[SUPPLIED MATERIAL Boundary: Start]

(* For $\epsilon\in\mathbb{C}$, the Poisson bracket $\Psi(\Pi_0+\epsilon\Pi_\infty)$ on $V=\mathrm{Mat}_{k\times k}(\mathbb{C})\oplus\mathrm{Mat}_{k\times k}(\mathbb{C})$, where $\Pi_0=[xx^*,x^*]+[yx^*,y^*]$ and $\Pi_\infty=[yy^*,yxx^*+y^2y^*]$, is generically nondegenerate, and the corresponding symplectic form is $\mathrm{tr}\,d(Y^{-1}-\epsilon X)^{-1}\wedge d\big(X(Y^{-1}-\epsilon X)\big)$.
   Context: $Q$ is the quiver with one vertex and two loops $x,y$; $\mathbb{C}\bar Q=\mathbb{C}\langle x,y,x^*,y^*\rangle$, graded by the number of starred letters. $\mathcal{V}Q$ is the quotient of $\mathbb{C}\bar Q$ by the span of $PR-(-1)^{pr}RP$ for $P,R$ homogeneous of degrees $p,r$; $[u,v]=uv-vu$. $\mathrm{Rep}(Q,k)=V$, with the point $(X,Y)$ assigning $X$ to $x$ and $Y$ to $y$. Cotangent vectors at $(X,Y)$ are pairs $(A,B)$ paired with tangent vectors $(U,W)$ by $\mathrm{tr}(AU+BW)$. For a monomial $P=P_1a_1^*P_2\cdots P_ra_r^*P_{r+1}$ ($P_i$ monomials in $x,y$, $a_i\in\{x,y\}$), $\Psi(P)$ is the $r$-vector field on $V$ obtained by restricting to alternating tensors the form $(C^1,\dots,C^r)\mapsto\mathrm{tr}\big(P_1(X,Y)C^1_{a_1}P_2(X,Y)\cdots C^r_{a_r}P_{r+1}(X,Y)\big)$, with $C^j_x=A^j$, $C^j_y=B^j$ for $C^j=(A^j,B^j)$; $\Psi$ extends linearly and descends to $\mathcal{V}Q$. A generically nondegenerate Poisson bivector determines a symplectic form (its inverse) on its nondegeneracy locus. *)

From mathcomp Require Import all_boot all_algebra.
From mathcomp Require Import complex.
From mathcomp Require Import Rstruct.

Set Implicit Arguments.
Unset Strict Implicit.
Unset Printing Implicit Defensive.
Import GRing.Theory.
Local Open Scope ring_scope.

Definition C : fieldType := (Rdefinitions.R)[i].

(* The free algebra  C<x, y, x*, y*>  = C \bar Q  for the quiver with *)
(* one vertex and two loops x, y, as formal linear combinations of   *)
(* words.                                                            *)
Inductive letter := Lx | Ly | Lxs | Lys.
Definition word := seq letter.
Definition ncpoly := seq (C * word).

Definition ncadd (p q : ncpoly) : ncpoly := p ++ q.
Definition ncscale (c : C) (p : ncpoly) : ncpoly :=
  [seq (c * t.1, t.2) | t <- p].
Definition ncopp (p : ncpoly) : ncpoly := ncscale (-1) p.
Definition ncmul (p q : ncpoly) : ncpoly :=
  [seq (a.1 * b.1, a.2 ++ b.2) | a <- p, b <- q].
Definition nccomm (u v : ncpoly) : ncpoly :=
  ncadd (ncmul u v) (ncopp (ncmul v u)).

Definition gen (l : letter) : ncpoly := [:: (1, [:: l])].
Definition nx := gen Lx.
Definition ny := gen Ly.
Definition nxs := gen Lxs.
Definition nys := gen Lys.

Definition Pi0 : ncpoly :=
  ncadd (nccomm (ncmul nx nxs) nxs) (nccomm (ncmul ny nxs) nys).

Definition Pi_inf : ncpoly :=
  nccomm (ncmul ny nys)
         (ncadd (ncmul ny (ncmul nx nxs)) (ncmul (ncmul ny ny) nys)).

(* Rep(Q,k) = V = Mat_k(C) + Mat_k(C); a point is (X, Y), a tangent  *)
(* vector is (U, W), a cotangent vector is (A, B), paired with       *)
(* tangent vectors via tr(A U + B W).                                *)
Section Rep.
Variable k : nat.
Notation M := 'M[C]_k.

Definition pairing (a u : M * M) : C := \tr (a.1 *m u.1 + a.2 *m u.2).

(* Evaluate a word at the point (X,Y), substituting the successive     *)
(* covectors of cs for the successive starred letters:                 *)
(* C^j_x = A^j, C^j_y = B^j.                                            *)
Fixpoint eval_word (X Y : M) (cs : seq (M * M)) (w : word) : M :=
  match w with
  | [::] => 1%:M
  | Lx :: w' => X *m eval_word X Y cs w'
  | Ly :: w' => Y *m eval_word X Y cs w'
  | Lxs :: w' => (head (0, 0) cs).1 *m eval_word X Y (behead cs) w'
  | Lys :: w' => (head (0, 0) cs).2 *m eval_word X Y (behead cs) w'
  end.

(* The bilinear form (C^1, C^2) |-> tr(P_1 C^1_{a_1} P_2 C^2_{a_2} P_3), *)
(* extended linearly (for P homogeneous of degree 2).                     *)
Definition psi_form2 (P : ncpoly) (X Y : M) (a b : M * M) : C :=
  \sum_(t <- P) t.1 * \tr (eval_word X Y [:: a; b] t.2).

(* Psi(P): the bivector obtained by restricting the form to alternating *)
(* tensors, a /\ b = (a (x) b - b (x) a) / 2.                            *)
Definition Psi2 (P : ncpoly) (X Y : M) (a b : M * M) : C :=
  (psi_form2 P X Y a b - psi_form2 P X Y b a) / 2%:R.

Definition bivector_nondegenerate (pi : M * M -> M * M -> C) : Prop :=
  forall a : M * M, (forall b, pi a b = 0) -> a = (0, 0).

(* omega (a 2-form on tangent vectors) is the inverse of pi:          *)
(* viewing pi as pi^# : T^* -> T, a |-> pi(a, .), and omega as          *)
(* omega^b : T -> T^*, u |-> omega(u, .), we have omega^b o pi^# = id.  *)
Definition inverse_form (pi : M * M -> M * M -> C)
    (omega : M * M -> M * M -> C) : Prop :=
  forall (a u : M * M),
    (forall g : M * M, pairing g u = pi a g) ->
    forall v : M * M, omega u v = pairing a v.

Definition dinv (S dS : M) : M := - (invmx S *m dS *m invmx S).

(* The 2-form  tr d(Y^{-1} - eps X)^{-1} /\ d(X (Y^{-1} - eps X))     *)
(* at the point (X,Y), evaluated on tangent vectors u = (U, W), v.     *)
(* (dF /\ dG)(u, v) = dF(u) dG(v) - dF(v) dG(u).                      *)
Definition dS (eps : C) (X Y : M) (u : M * M) : M :=
  dinv Y u.2 - eps *: u.1.
Definition dF (eps : C) (X Y : M) (u : M * M) : M :=
  dinv (invmx Y - eps *: X) (dS eps X Y u).
Definition dG (eps : C) (X Y : M) (u : M * M) : M :=
  u.1 *m (invmx Y - eps *: X) + X *m dS eps X Y u.

Definition omega_eps (eps : C) (X Y : M) (u v : M * M) : C :=
  \tr (dF eps X Y u *m dG eps X Y v) - \tr (dF eps X Y v *m dG eps X Y u).

End Rep.

(* Pairing a covector a = (A, B) with the bivector Psi(Pi_0 + eps Pi_oo) gives the linear form
   g |-> tr(g.1 U + g.2 W) for explicit matrices (U, W) = sharp a, both halves of the
   antisymmetrisation contributing equally since Pi_0 and Pi_oo are sums of commutators.
   Put S = Y^-1 - eps X and R = A - eps Y B Y.  Along sharp a one has dS = -R S, hence
   d(S^-1) = S^-1 R and d(X S) = -(R X + S Y B Y) S, and then cyclicity of the trace gives
   omega(sharp a, v) = tr(A v.1 + B v.2).  So omega inverts sharp: sharp is injective (the
   bivector is nondegenerate) and omega is the corresponding symplectic form. *)

From Pilot Require Import Defs.
From mathcomp Require Import all_boot all_algebra.
From mathcomp Require Import complex Rstruct ring.

Set Implicit Arguments.
Unset Strict Implicit.
Unset Printing Implicit Defensive.
Import GRing.Theory.
Local Open Scope ring_scope.

Section TraceForm.
Variables (R : pzRingType) (n : nat).

Lemma mxtraceN (A : 'M[R]_n) : \tr (- A) = - \tr A.
Proof. exact: raddfN. Qed.

Lemma mxtraceB (A B : 'M[R]_n) : \tr (A - B) = \tr A - \tr B.
Proof. exact: raddfB. Qed.

Lemma mxtrace_delta_mull (A : 'M[R]_n) i j : \tr (delta_mx j i *m A) = A i j.
Proof.
rewrite /mxtrace (bigD1 j) //= big1 ?addr0.
  rewrite mxE (bigD1 i) //= big1 ?addr0 ?mxE ?eqxx ?mul1r //.
  by move=> l /negbTE nli; rewrite mxE nli andbF mul0r.
move=> l /negbTE nlj; rewrite mxE big1 // => m _.
by rewrite mxE nlj mul0r.
Qed.

Lemma mxtrace_mull_inj (A B : 'M[R]_n) :
  (forall G, \tr (G *m A) = \tr (G *m B)) -> A = B.
Proof. by move=> eqAB; apply/matrixP=> i j; rewrite -!mxtrace_delta_mull. Qed.

End TraceForm.

Ltac mx_expand :=
  repeat progress rewrite ?(mulmxDl, mulmxDr, mulmxBl, mulmxBr, mulmxN, mulNmx, mulmxA)
    -?scalemxAl -?scalemxAr.

Ltac mxtrace_expand := rewrite ?(mxtraceD, mxtraceB, mxtraceN, mxtraceZ).

(* Rotates every trace until its last factor is G or H, so that traces equal by cyclicity
   become syntactically equal. *)
Ltac rotate_traces_to_end G H :=
  repeat match goal with
  | |- context [\tr (?P *m ?Q)] =>
      assert_fails (constr_eq Q G); assert_fails (constr_eq Q H);
      lazymatch P with context [G] => idtac | context [H] => idtac end;
      rewrite [\tr (P *m Q)]mxtrace_mulC ?mulmxA
  end.

(* The constructions of Defs over an arbitrary field F (the theorem only needs 2 to be
   invertible); at F = C they unfold to those of Defs. *)
Module OverField.

Section FreeAlgebra.
Variable F : fieldType.

Definition ncpoly := seq (F * word).
Definition ncadd (p q : ncpoly) : ncpoly := p ++ q.
Definition ncscale (c : F) (p : ncpoly) : ncpoly := [seq (c * t.1, t.2) | t <- p].
Definition ncopp (p : ncpoly) : ncpoly := ncscale (-1) p.
Definition ncmul (p q : ncpoly) : ncpoly :=
  [seq (a.1 * b.1, a.2 ++ b.2) | a <- p, b <- q].
Definition nccomm (u v : ncpoly) : ncpoly := ncadd (ncmul u v) (ncopp (ncmul v u)).
Definition gen (l : letter) : ncpoly := [:: (1, [:: l])].
Definition nx := gen Lx.
Definition ny := gen Ly.
Definition nxs := gen Lxs.
Definition nys := gen Lys.
Definition Pi0 : ncpoly :=
  ncadd (nccomm (ncmul nx nxs) nxs) (nccomm (ncmul ny nxs) nys).
Definition Pi_inf : ncpoly :=
  nccomm (ncmul ny nys) (ncadd (ncmul ny (ncmul nx nxs)) (ncmul (ncmul ny ny) nys)).

End FreeAlgebra.

Section Rep.
Variables (F : fieldType) (k : nat).
Notation M := 'M[F]_k.

Definition pairing (a u : M * M) : F := \tr (a.1 *m u.1 + a.2 *m u.2).

Lemma pairingC a u : pairing a u = pairing u a.
Proof. by rewrite /pairing !mxtraceD !(mxtrace_mulC a.1) (mxtrace_mulC a.2). Qed.

Lemma pairing0r a : pairing a (0, 0) = 0.
Proof. by rewrite /pairing !mulmx0 addr0 mxtrace0. Qed.

Lemma pairing_injr u v : (forall g, pairing g u = pairing g v) -> u = v.
Proof.
case: u v => [U1 U2] [V1 V2] /= eq_uv.
congr (_, _); apply: mxtrace_mull_inj => G.
  by have := eq_uv (G, 0); rewrite /pairing /= !mul0mx !addr0.
by have := eq_uv (0, G); rewrite /pairing /= !mul0mx !add0r.
Qed.

Fixpoint eval_word (X Y : M) (cs : seq (M * M)) (w : word) : M :=
  match w with
  | [::] => 1%:M
  | Lx :: w' => X *m eval_word X Y cs w'
  | Ly :: w' => Y *m eval_word X Y cs w'
  | Lxs :: w' => (head (0, 0) cs).1 *m eval_word X Y (behead cs) w'
  | Lys :: w' => (head (0, 0) cs).2 *m eval_word X Y (behead cs) w'
  end.

Definition psi_form2 (P : ncpoly F) (X Y : M) (a b : M * M) : F :=
  \sum_(t <- P) t.1 * \tr (eval_word X Y [:: a; b] t.2).
Definition Psi2 (P : ncpoly F) (X Y : M) (a b : M * M) : F :=
  (psi_form2 P X Y a b - psi_form2 P X Y b a) / 2%:R.

Definition bivector_nondegenerate (pi : M * M -> M * M -> F) : Prop :=
  forall a : M * M, (forall b, pi a b = 0) -> a = (0, 0).
Definition inverse_form (pi : M * M -> M * M -> F) (omega : M * M -> M * M -> F) : Prop :=
  forall (a u : M * M), (forall g : M * M, pairing g u = pi a g) ->
    forall v : M * M, omega u v = pairing a v.

Definition dinv (S dS : M) : M := - (invmx S *m dS *m invmx S).
Definition dS (eps : F) (X Y : M) (u : M * M) : M := dinv Y u.2 - eps *: u.1.
Definition dF (eps : F) (X Y : M) (u : M * M) : M :=
  dinv (invmx Y - eps *: X) (dS eps X Y u).
Definition dG (eps : F) (X Y : M) (u : M * M) : M :=
  u.1 *m (invmx Y - eps *: X) + X *m dS eps X Y u.
Definition omega_eps (eps : F) (X Y : M) (u v : M * M) : F :=
  \tr (dF eps X Y u *m dG eps X Y v) - \tr (dF eps X Y v *m dG eps X Y u).

End Rep.

Section Sharp.
Variables (F : fieldType) (k : nat) (eps : F) (X Y : 'M[F]_k).
Local Notation Pi_eps := (ncadd (Pi0 F) (ncscale eps (Pi_inf F))).

Definition Pi_eps_sharp (a : 'M[F]_k * 'M[F]_k) : 'M[F]_k * 'M[F]_k :=
  (X *m a.1 - a.1 *m X - a.2 *m Y + eps *: (Y *m a.2 *m Y *m X),
   Y *m a.1 + eps *: (Y *m a.2 *m Y *m Y - Y *m X *m a.1 *m Y - Y *m Y *m a.2 *m Y)).

Lemma psi_form2_Pi_eps a g : psi_form2 Pi_eps X Y a g = pairing g (Pi_eps_sharp a).
Proof.
case: a g => [A B] [G H].
rewrite /psi_form2 /pairing /= !big_cons big_nil /= !mulmx1.
mx_expand; mxtrace_expand; rotate_traces_to_end G H; ring.
Qed.

Lemma psi_form2_Pi_eps_swap a g :
  psi_form2 Pi_eps X Y g a = - pairing g (Pi_eps_sharp a).
Proof.
case: a g => [A B] [G H].
rewrite /psi_form2 /pairing /= !big_cons big_nil /= !mulmx1.
mx_expand; mxtrace_expand; rotate_traces_to_end G H; ring.
Qed.

Lemma Psi2_Pi_eps a g : (2%:R : F) != 0 ->
  Psi2 Pi_eps X Y a g = pairing g (Pi_eps_sharp a).
Proof.
move=> two_neq0.
by rewrite /Psi2 psi_form2_Pi_eps psi_form2_Pi_eps_swap opprK; field.
Qed.

Lemma omega_eps0l v : omega_eps eps X Y (0, 0) v = 0.
Proof.
rewrite /omega_eps /dF /dG /dS /dinv /=.
by rewrite !(mulmx0, mul0mx, scaler0, subr0, oppr0, addr0, mxtrace0, subrr).
Qed.

Section Inverse.
Hypotheses (Y_unit : Y \in unitmx) (S_unit : invmx Y - eps *: X \in unitmx).
Local Notation S := (invmx Y - eps *: X).
Local Notation T := (invmx S).
Local Notation W a := (Y *m a.2 *m Y).
Local Notation R a := (a.1 - eps *: W a).

Lemma dS_sharp a : dS eps X Y (Pi_eps_sharp a) = - (R a *m S).
Proof.
(* Pairing with an arbitrary G turns the matrix identity into one between traces,
   where ring does the bookkeeping. *)
apply: mxtrace_mull_inj => G; rewrite /dS /dinv /=.
mx_expand; rewrite ?(mulmxK Y_unit) ?(mulmxKV Y_unit); mxtrace_expand; ring.
Qed.

Lemma dF_sharp a : dF eps X Y (Pi_eps_sharp a) = T *m R a.
Proof. by rewrite /dF dS_sharp /dinv mulmxN mulNmx opprK !mulmxA (mulmxK S_unit). Qed.

Lemma dG_sharp a : dG eps X Y (Pi_eps_sharp a) = - ((R a *m X + S *m W a) *m S).
Proof.
apply: mxtrace_mull_inj => G; rewrite /dG dS_sharp /=.
mx_expand; rewrite ?(mulmxK Y_unit) ?(mulmxKV Y_unit); mxtrace_expand; ring.
Qed.

Lemma omega_eps_sharp_trace a v :
  omega_eps eps X Y (Pi_eps_sharp a) v = \tr (R a *m v.1) - \tr (dS eps X Y v *m W a).
Proof.
rewrite /omega_eps dF_sharp dG_sharp; set E := dS eps X Y v.
have -> : dF eps X Y v = - (T *m E *m T) by [].
have -> : dG eps X Y v = v.1 *m S + X *m E by [].
have -> : \tr (T *m R a *m (v.1 *m S + X *m E))
    = \tr (R a *m v.1) + \tr (T *m R a *m X *m E).
  rewrite mulmxDr mxtraceD !mulmxA; congr (_ + _).
  by rewrite mxtrace_mulC !mulmxA (mulmxV S_unit) mul1mx.
have -> : \tr (- (T *m E *m T) *m - ((R a *m X + S *m W a) *m S))
    = \tr (T *m R a *m X *m E) + \tr (E *m W a).
  rewrite mulNmx mulmxN opprK !mulmxA mxtrace_mulC !mulmxA (mulmxV S_unit) mul1mx.
  rewrite mulmxDr mxtraceD !mulmxA (mulmxKV S_unit); congr (_ + _).
  by rewrite [RHS]mxtrace_mulC !mulmxA.
ring.
Qed.

Lemma omega_eps_sharp a v : omega_eps eps X Y (Pi_eps_sharp a) v = pairing a v.
Proof.
case: a v => [A B] [V1 V2]; rewrite omega_eps_sharp_trace /pairing /dS /dinv /=.
mx_expand; rewrite ?(mulmxKV Y_unit); mxtrace_expand.
have -> : \tr (invmx Y *m V2 *m B *m Y) = \tr (B *m V2).
  by rewrite mxtrace_mulC !mulmxA (mulmxV Y_unit) mul1mx mxtrace_mulC.
have -> : \tr (V1 *m Y *m B *m Y) = \tr (Y *m B *m Y *m V1).
  by rewrite [RHS]mxtrace_mulC !mulmxA.
ring.
Qed.

End Inverse.

Theorem Pi_eps_symplectic :
  (2%:R : F) != 0 -> Y \in unitmx -> invmx Y - eps *: X \in unitmx ->
  bivector_nondegenerate (Psi2 Pi_eps X Y) /\
  inverse_form (Psi2 Pi_eps X Y) (omega_eps eps X Y).
Proof.
move=> two_neq0 Y_unit S_unit; split=> [a Psi_a0 | a u Psi_u v].
  have sharp_a0 : Pi_eps_sharp a = (0, 0).
    by apply: pairing_injr => g; rewrite -Psi2_Pi_eps // Psi_a0 pairing0r.
  apply: pairing_injr => v.
  by rewrite pairingC -(omega_eps_sharp Y_unit S_unit) sharp_a0 omega_eps0l pairing0r.
have -> : u = Pi_eps_sharp a by apply: pairing_injr => g; rewrite Psi_u Psi2_Pi_eps.
exact: omega_eps_sharp.
Qed.

End Sharp.
End OverField.

Theorem mainTheorem11 (k : nat) (eps : C) (X Y : 'M[C]_k) :
  Y \in unitmx -> (invmx Y - eps *: X) \in unitmx ->
  bivector_nondegenerate (Psi2 (ncadd Pi0 (ncscale eps Pi_inf)) X Y) /\
  inverse_form (Psi2 (ncadd Pi0 (ncscale eps Pi_inf)) X Y) (omega_eps eps X Y).
Proof.
have two_neq0 : (2%:R : C) != 0 by rewrite (Num.Theory.pnatr_eq0 (complex Rdefinitions.R)).
exact: OverField.Pi_eps_symplectic.
Qed.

[SUPPLIED MATERIAL Boundary: End]

_PROBLEM REQUIREMENTS_. The line above containing "Local Notation Pi_eps", the line containing "Lemma omega_eps_sharp_trace a", and every line between them are to be transcribed exactly; no other line is wanted.

_TASK SOLUTION_.
Local Notation Pi_eps := (ncadd (Pi0 F) (ncscale eps (Pi_inf F))).

Definition Pi_eps_sharp (a : 'M[F]_k * 'M[F]_k) : 'M[F]_k * 'M[F]_k :=
  (X *m a.1 - a.1 *m X - a.2 *m Y + eps *: (Y *m a.2 *m Y *m X),
   Y *m a.1 + eps *: (Y *m a.2 *m Y *m Y - Y *m X *m a.1 *m Y - Y *m Y *m a.2 *m Y)).

Lemma psi_form2_Pi_eps a g : psi_form2 Pi_eps X Y a g = pairing g (Pi_eps_sharp a).
Proof.
case: a g => [A B] [G H].
rewrite /psi_form2 /pairing /= !big_cons big_nil /= !mulmx1.
mx_expand; mxtrace_expand; rotate_traces_to_end G H; ring.
Qed.

Lemma psi_form2_Pi_eps_swap a g :
  psi_form2 Pi_eps X Y g a = - pairing g (Pi_eps_sharp a).
Proof.
case: a g => [A B] [G H].
rewrite /psi_form2 /pairing /= !big_cons big_nil /= !mulmx1.
mx_expand; mxtrace_expand; rotate_traces_to_end G H; ring.
Qed.

Lemma Psi2_Pi_eps a g : (2%:R : F) != 0 ->
  Psi2 Pi_eps X Y a g = pairing g (Pi_eps_sharp a).
Proof.
move=> two_neq0.
by rewrite /Psi2 psi_form2_Pi_eps psi_form2_Pi_eps_swap opprK; field.
Qed.

Lemma omega_eps0l v : omega_eps eps X Y (0, 0) v = 0.
Proof.
rewrite /omega_eps /dF /dG /dS /dinv /=.
by rewrite !(mulmx0, mul0mx, scaler0, subr0, oppr0, addr0, mxtrace0, subrr).
Qed.

Section Inverse.
Hypotheses (Y_unit : Y \in unitmx) (S_unit : invmx Y - eps *: X \in unitmx).
Local Notation S := (invmx Y - eps *: X).
Local Notation T := (invmx S).
Local Notation W a := (Y *m a.2 *m Y).
Local Notation R a := (a.1 - eps *: W a).

Lemma dS_sharp a : dS eps X Y (Pi_eps_sharp a) = - (R a *m S).
Proof.
(* Pairing with an arbitrary G turns the matrix identity into one between traces,
   where ring does the bookkeeping. *)
apply: mxtrace_mull_inj => G; rewrite /dS /dinv /=.
mx_expand; rewrite ?(mulmxK Y_unit) ?(mulmxKV Y_unit); mxtrace_expand; ring.
Qed.

Lemma dF_sharp a : dF eps X Y (Pi_eps_sharp a) = T *m R a.
Proof. by rewrite /dF dS_sharp /dinv mulmxN mulNmx opprK !mulmxA (mulmxK S_unit). Qed.

Lemma dG_sharp a : dG eps X Y (Pi_eps_sharp a) = - ((R a *m X + S *m W a) *m S).
Proof.
apply: mxtrace_mull_inj => G; rewrite /dG dS_sharp /=.
mx_expand; rewrite ?(mulmxK Y_unit) ?(mulmxKV Y_unit); mxtrace_expand; ring.
Qed.

Lemma omega_eps_sharp_trace a v :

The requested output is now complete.